Practice founder Patrick Lynch said the problem of integrating 1960s towers into a hospitable street scape was a recurring theme in the practice’s work.

“We lived and worked in Hoxton during the ’90s and ‘00s and are very familiar with the problems that arise from the non-determinate landscapes around its modernist housing blocks, some of which provide accommodation of a very high standard,” he said.

View from a North Building balcony under Lynch Architects' proposals for the Fairbank Estate

Source: Lynch Architects

View from a North Building balcony under Lynch Architects’ proposals for the Fairbank Estate

“Our aim is to learn from these examples, and to contribute to the existing and emerging urban conditions.

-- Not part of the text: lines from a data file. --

(* Let $Y$ be a real Hilbert space, let $T\colon Y\to Y$ be a bounded linear operator that is bijective, let $\lambda>0$, and suppose that $\langle x, Tx\rangle+\lambda\|Tx\|^2\le 0$ for all $x\in Y$. Then for every maximally monotone multifunction $M\colon Y\rightrightarrows Y$, the multifunction $MT$ (given by $y\mapsto M(Ty)$) has a unique fixed point, i.e. there is exactly one $y\in Y$ with $y\in M(Ty)$. *)

From HB Require Import structures.
From mathcomp Require Import all_boot all_order all_algebra.
From mathcomp Require Import all_classical all_reals all_analysis.
Set Implicit Arguments. Unset Strict Implicit. Unset Printing Implicit Defensive.
Import Order.TTheory GRing.Theory Num.Theory.
Import numFieldNormedType.Exports.
Local Open Scope classical_set_scope.
Local Open Scope ring_scope.

(* ip is a (real) inner product on Y whose induced norm is the norm of Y.
   Together with Y : completeNormedModType R this makes Y a real Hilbert space. *)
Definition is_inner_product (R : realType) (Y : normedModType R)
  (ip : Y -> Y -> R) : Prop :=
  [/\ (forall x y, ip x y = ip y x),
      (forall (a : R) (x y z : Y), ip (a *: x + y) z = a * ip x z + ip y z)
    & (forall x, ip x x = `|x| ^+ 2)].

Definition bounded_linear (R : realType) (Y : normedModType R) (T : Y -> Y) : Prop :=
  (forall (a : R) (x y : Y), T (a *: x + y) = a *: T x + T y) /\ continuous T.

Definition monotone_mf (R : realType) (Y : normedModType R)
  (ip : Y -> Y -> R) (M : Y -> set Y) : Prop :=
  forall x y u v, M x u -> M y v -> 0 <= ip (x - y) (u - v).

Definition maximally_monotone (R : realType) (Y : normedModType R)
  (ip : Y -> Y -> R) (M : Y -> set Y) : Prop :=
  monotone_mf ip M /\
  forall M' : Y -> set Y, monotone_mf ip M' ->
    (forall x, M x `<=` M' x) -> forall x, M' x = M x.

From HB Require Import structures.
From mathcomp Require Import all_boot all_order all_algebra.
From mathcomp Require Import all_classical all_reals all_analysis.
From mathcomp Require Import lra ring.
Import Order.TTheory GRing.Theory Num.Theory.
Import numFieldNormedType.Exports.
Local Open Scope classical_set_scope.
Local Open Scope ring_scope.
Set Implicit Arguments. Unset Strict Implicit. Unset Printing Implicit Defensive.

(* Put S := T^-1.  The hypothesis reads <S h, h> <= - lambda |h|^2, and y is a fixed
   point of M T exactly when x := T y satisfies S x \in M x.
   A dissipative linear map defined on a whole Hilbert space is bounded: the functionals
   x |-> <S y, x> / (1 - <S y, y>), |y| <= 1, are pointwise bounded, so Banach-Steinhaus
   applies.  For a Lipschitz constant L of S and g := lambda / L^2 the map h |-> h + g S h
   is a contraction, hence so is its composite with the nonexpansive resolvent
   (I + g M)^-1, and the fixed point x of the composite satisfies S x \in M x.
   The resolvent is defined everywhere by Minty's theorem, which is obtained as follows:
   for a monotone graph G, the points (d, p) = ((x - u) / 2, <x, u>), (x, u) in G, and
   their convex combinations satisfy |d|^2 + p >= 0; a minimizing sequence of |d|^2 + p
   is Cauchy by the parallelogram law, and its limit z satisfies <z - x, -z - u> >= 0
   for all (x, u) in G, so that (z, -z) lies in the graph of a maximal extension of G.
   Uniqueness follows from the monotonicity of M and <h, T h> <= - lambda |T h|^2. *)

Section InnerProduct.
Variables (R : realType) (Y : normedModType R) (ip : Y -> Y -> R).
Hypothesis ipP : is_inner_product ip.

Lemma ipC x y : ip x y = ip y x.
Proof. by case: ipP. Qed.

Lemma ipxx x : ip x x = `|x| ^+ 2.
Proof. by case: ipP. Qed.

Lemma ip0l z : ip 0 z = 0.
Proof.
case: ipP => _ ipZD _; have := ipZD 1 0 0 z.
by rewrite scaler0 addr0 mul1r; lra.
Qed.

Lemma ipDl x y z : ip (x + y) z = ip x z + ip y z.
Proof. by case: ipP => _ ipZD _; rewrite -[x in LHS]scale1r ipZD mul1r. Qed.

Lemma ipZl a x z : ip (a *: x) z = a * ip x z.
Proof. by case: ipP => _ ipZD _; rewrite -[a *: x]addr0 ipZD ip0l addr0. Qed.

Lemma ipNl x z : ip (- x) z = - ip x z.
Proof. by rewrite -scaleN1r ipZl mulN1r. Qed.

Lemma ipBl x y z : ip (x - y) z = ip x z - ip y z.
Proof. by rewrite ipDl ipNl. Qed.

Lemma ipDr x y z : ip z (x + y) = ip z x + ip z y.
Proof. by rewrite ipC ipDl !(ipC z). Qed.

Lemma ipZr a x z : ip z (a *: x) = a * ip z x.
Proof. by rewrite ipC ipZl ipC. Qed.

Lemma ipNr x z : ip z (- x) = - ip z x.
Proof. by rewrite ipC ipNl ipC. Qed.

Lemma ipBr x y z : ip z (x - y) = ip z x - ip z y.
Proof. by rewrite ipDr ipNr. Qed.

Lemma ip0r z : ip z 0 = 0.
Proof. by rewrite ipC ip0l. Qed.

Definition ipE := (ipDl, ipBl, ipNl, ipZl, ip0l, ipDr, ipBr, ipNr, ipZr, ip0r).

Lemma cauchy_schwarz x y : `|ip x y| <= `|x| * `|y|.
Proof.
have [->|x0] := eqVneq x 0; first by rewrite ip0l !normr0 mul0r.
have [->|y0] := eqVneq y 0; first by rewrite ip0r !normr0 mulr0.
have nxy : 0 < `|x| * `|y| by rewrite mulr_gt0 ?normr_gt0.
have := sqr_ge0 `| `|y| *: x - `|x| *: y|; have := sqr_ge0 `| `|y| *: x + `|x| *: y|.
rewrite -!ipxx !ipE !ipxx (ipC y x) ler_norml => Hm Hp.
by apply/andP; split; rewrite -(ler_pM2l nxy); nra.
Qed.

Lemma sqr_norm_convex_comb (a b : Y) (t : R) : `|(1 - t) *: a + t *: b| ^+ 2 =
  (1 - t) * `|a| ^+ 2 + t * `|b| ^+ 2 - t * (1 - t) * `|a - b| ^+ 2.
Proof. by rewrite -!ipxx !ipE (ipC b a); ring. Qed.

End InnerProduct.

Lemma cvgn_sqr_dist_le (R : realType) (V : completeNormedModType R)
    (u : nat -> V) (e : nat -> R) :
  e @ \oo --> 0 -> (forall n m, `|u n - u m| ^+ 2 <= e n + e m) -> cvgn u.
Proof.
move=> e0 ue; apply/cauchy_cvgP/cauchy_ballP => _ /posnumP[eps].
rewrite near_map2 -ball_normE /=.
have small_e : \forall k \near \oo, e k < eps%:num ^+ 2 / 2 by apply: cvgr_lt e0 _ _.
near=> n m; rewrite -(@ltr_pXn2r _ 2) ?nnegrE //.
apply: le_lt_trans (ue n m) _.
rewrite [X in _ < X](splitr (eps%:num ^+ 2)) ltrD //; [near: n | near: m]; exact: small_e.
Unshelve. all: by end_near. Qed.

Section ConvexAboveParaboloid.
Variables (R : realType) (Y : completeNormedModType R) (ip : Y -> Y -> R).
Hypothesis ipP : is_inner_product ip.
Variable D : Y -> R -> Prop.
Hypothesis D_convex : forall d1 p1 d2 p2 t, 0 <= t -> t <= 1 -> D d1 p1 -> D d2 p2 ->
  D ((1 - t) *: d1 + t *: d2) ((1 - t) * p1 + t * p2).

Lemma sqr_norm_add_convex_comb (d1 d2 : Y) (p1 p2 t : R) :
  `|(1 - t) *: d1 + t *: d2| ^+ 2 + ((1 - t) * p1 + t * p2) =
  (1 - t) * (`|d1| ^+ 2 + p1) + t * (`|d2| ^+ 2 + p2) - t * (1 - t) * `|d1 - d2| ^+ 2.
Proof. by rewrite (sqr_norm_convex_comb ipP); ring. Qed.

Section MinimizingSequence.
Variables (m : R) (c : nat -> Y * R).
Hypothesis m_lb : forall d p, D d p -> m <= `|d| ^+ 2 + p.
Hypothesis c_in : forall n, D (c n).1 (c n).2.
Hypothesis c_min : forall n, `|(c n).1| ^+ 2 + (c n).2 <= m + harmonic n.

Lemma minimizing_sqr_dist n k :
  `|(c n).1 - (c k).1| ^+ 2 <= 2 * harmonic n + 2 * harmonic k.
Proof.
have half0 : (0 : R) <= 2^-1 by [].
have half1 : (2^-1 : R) <= 1 by rewrite invf_le1 ?ler1n.
have := m_lb (D_convex half0 half1 (c_in n) (c_in k)).
rewrite sqr_norm_add_convex_comb; have := c_min n; have := c_min k; lra.
Qed.

Lemma minimizing_cvg : cvgn (fun n => (c n).1).
Proof.
apply: (@cvgn_sqr_dist_le _ _ _ (fun n => 2 * harmonic n)) minimizing_sqr_dist.
by rewrite -[0 : R](mulr0 2); apply: cvgM; [exact: cvg_cst | exact: cvg_harmonic].
Qed.

Local Notation z := (lim ((c n).1 @[n --> \oo])).

Lemma minimizing_lim_tangent d p : D d p -> `|z - d| ^+ 2 + m <= `|d| ^+ 2 + p.
Proof.
move=> Ddp.
have c_cvg := minimizing_cvg.
have dist_cvg : `|(c n).1 - d| ^+ 2 @[n --> \oo] --> `|z - d| ^+ 2.
  by apply: cvgM; apply: cvg_norm; apply: cvgB => //; exact: cvg_cst.
have comb_bound t n : 0 < t -> t <= 1 ->
    (1 - t) * `|(c n).1 - d| ^+ 2 - harmonic n / t <= `|d| ^+ 2 + p - m.
  move=> t0 t1; rewrite -(ler_pM2l t0) mulrBr [t * (_ / t)]mulrCA mulfV ?gt_eqF // mulr1.
  have := m_lb (D_convex (ltW t0) t1 (c_in n) Ddp).
  rewrite sqr_norm_add_convex_comb.
  have h0 : 0 <= t * harmonic n by rewrite mulr_ge0 ?(ltW t0) ?harmonic_ge0.
  have t1c : 0 <= 1 - t by rewrite subr_ge0.
  have := ler_wpM2l t1c (c_min n).
  lra.
have lim_comb_bound t : 0 < t -> t <= 1 -> (1 - t) * `|z - d| ^+ 2 <= `|d| ^+ 2 + p - m.
  move=> t0 t1.
  apply: (@cvgr_to_le _ \oo _ _ (fun n => (1 - t) * `|(c n).1 - d| ^+ 2 - harmonic n / t)).
    have -> : (1 - t) * `|z - d| ^+ 2 = (1 - t) * `|z - d| ^+ 2 - 0 / t.
      by rewrite mul0r subr0.
    by apply: cvgB; apply: cvgM => //; [exact: cvg_cst | exact: cvg_harmonic | exact: cvg_cst].
  by apply: nearW => n; exact: comb_bound.
suff : `|z - d| ^+ 2 <= `|d| ^+ 2 + p - m by lra.
apply: (@cvgr_to_le _ \oo _ _ (fun k => (1 - harmonic k) * `|z - d| ^+ 2)).
  rewrite -[X in _ --> X]mul1r -[X in X * _]subr0.
  by apply: cvgM; [apply: cvgB; [exact: cvg_cst | exact: cvg_harmonic] | exact: cvg_cst].
by apply: nearW => k; apply: lim_comb_bound; rewrite /= ?invr_gt0 ?invf_le1 ?ler1n.
Qed.

End MinimizingSequence.

Hypothesis D_above : forall d p, D d p -> 0 <= `|d| ^+ 2 + p.

(* |z - d|^2 - |d|^2 = |z|^2 - 2 <z, d> is the tangent at z of the concave map - |d|^2. *)
Lemma convex_above_paraboloid_tangent :
  exists z, forall d p, D d p -> `|z - d| ^+ 2 <= `|d| ^+ 2 + p.
Proof.
have [[d0 [p0 Dd0]]|D0] := pselect (exists d p, D d p); last first.
  by exists 0 => d p Ddp; exfalso; apply: D0; exists d, p.
pose E := [set `|x.1| ^+ 2 + x.2 | x in [set x : Y * R | D x.1 x.2]].
have E_lb : lbound E 0 by move=> _ [x Dx <-]; exact: D_above.
have E0 : E !=set0 by exists (`|d0| ^+ 2 + p0), (d0, p0).
have m_lb d p : D d p -> inf E <= `|d| ^+ 2 + p.
  by move=> Ddp; apply: ge_inf; [exists 0 | exists (d, p)].
have /choice[c c_spec] : forall n, exists x : Y * R,
    D x.1 x.2 /\ `|x.1| ^+ 2 + x.2 <= inf E + harmonic n.
  move=> n.
  have E_inf : has_inf E by split; last exists 0.
  have [_ [x Dx <-] lt] := inf_adherent (harmonic_gt0 n) E_inf.
  by exists x; split => //; exact: ltW.
exists (lim ((c n).1 @[n --> \oo])) => d p Ddp.
have := minimizing_lim_tangent m_lb (fun n => (c_spec n).1) (fun n => (c_spec n).2) Ddp.
have := lb_le_inf E0 E_lb.
lra.
Qed.

End ConvexAboveParaboloid.

Section MonotoneHull.
Variables (R : realType) (Y : completeNormedModType R) (ip : Y -> Y -> R).
Hypothesis ipP : is_inner_product ip.
Variable G : Y -> set Y.
Hypothesis G_mono : monotone_mf ip G.

Inductive lifted_hull : Y -> Y -> R -> Prop :=
| lifted_hull_graph x u : G x u -> lifted_hull x u (ip x u)
| lifted_hull_comb X1 U1 p1 X2 U2 p2 t : 0 <= t -> t <= 1 ->
    lifted_hull X1 U1 p1 -> lifted_hull X2 U2 p2 ->
    lifted_hull ((1 - t) *: X1 + t *: X2) ((1 - t) *: U1 + t *: U2)
      ((1 - t) * p1 + t * p2).

Let ipE := ipE ipP.

Lemma lifted_hull_graph_cross x u X U p : G x u -> lifted_hull X U p ->
  ip x U + ip X u <= ip x u + p.
Proof.
move=> Gxu; elim=> [x' u' Gxu' | X1 U1 p1 X2 U2 p2 t t0 t1 _ IH1 _ IH2].
  by have := G_mono Gxu Gxu'; rewrite !ipE (ipC ipP x' u); lra.
by rewrite !ipE; nra.
Qed.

“We propose to ‘ground’ the neighbouring buildings in a legible urban form made up of three new residential blocks of similar height, situated in a sequence of courtyards and gardens designed in collaboration with Muf art/architecture and Robert Bray Associates.”

Lynch said the practice had just completed RIBA Design Stage 4, and a planning application was submitted earlier this month.

He added that if the application was successful, construction could start on site next year for completion in 2024.

The project team also includes Pell Frischmann and Max Fordham.

According to Hackney Council, 28 of the new homes will be for social rent, nine will be for shared ownership and 36 for “outright sale”.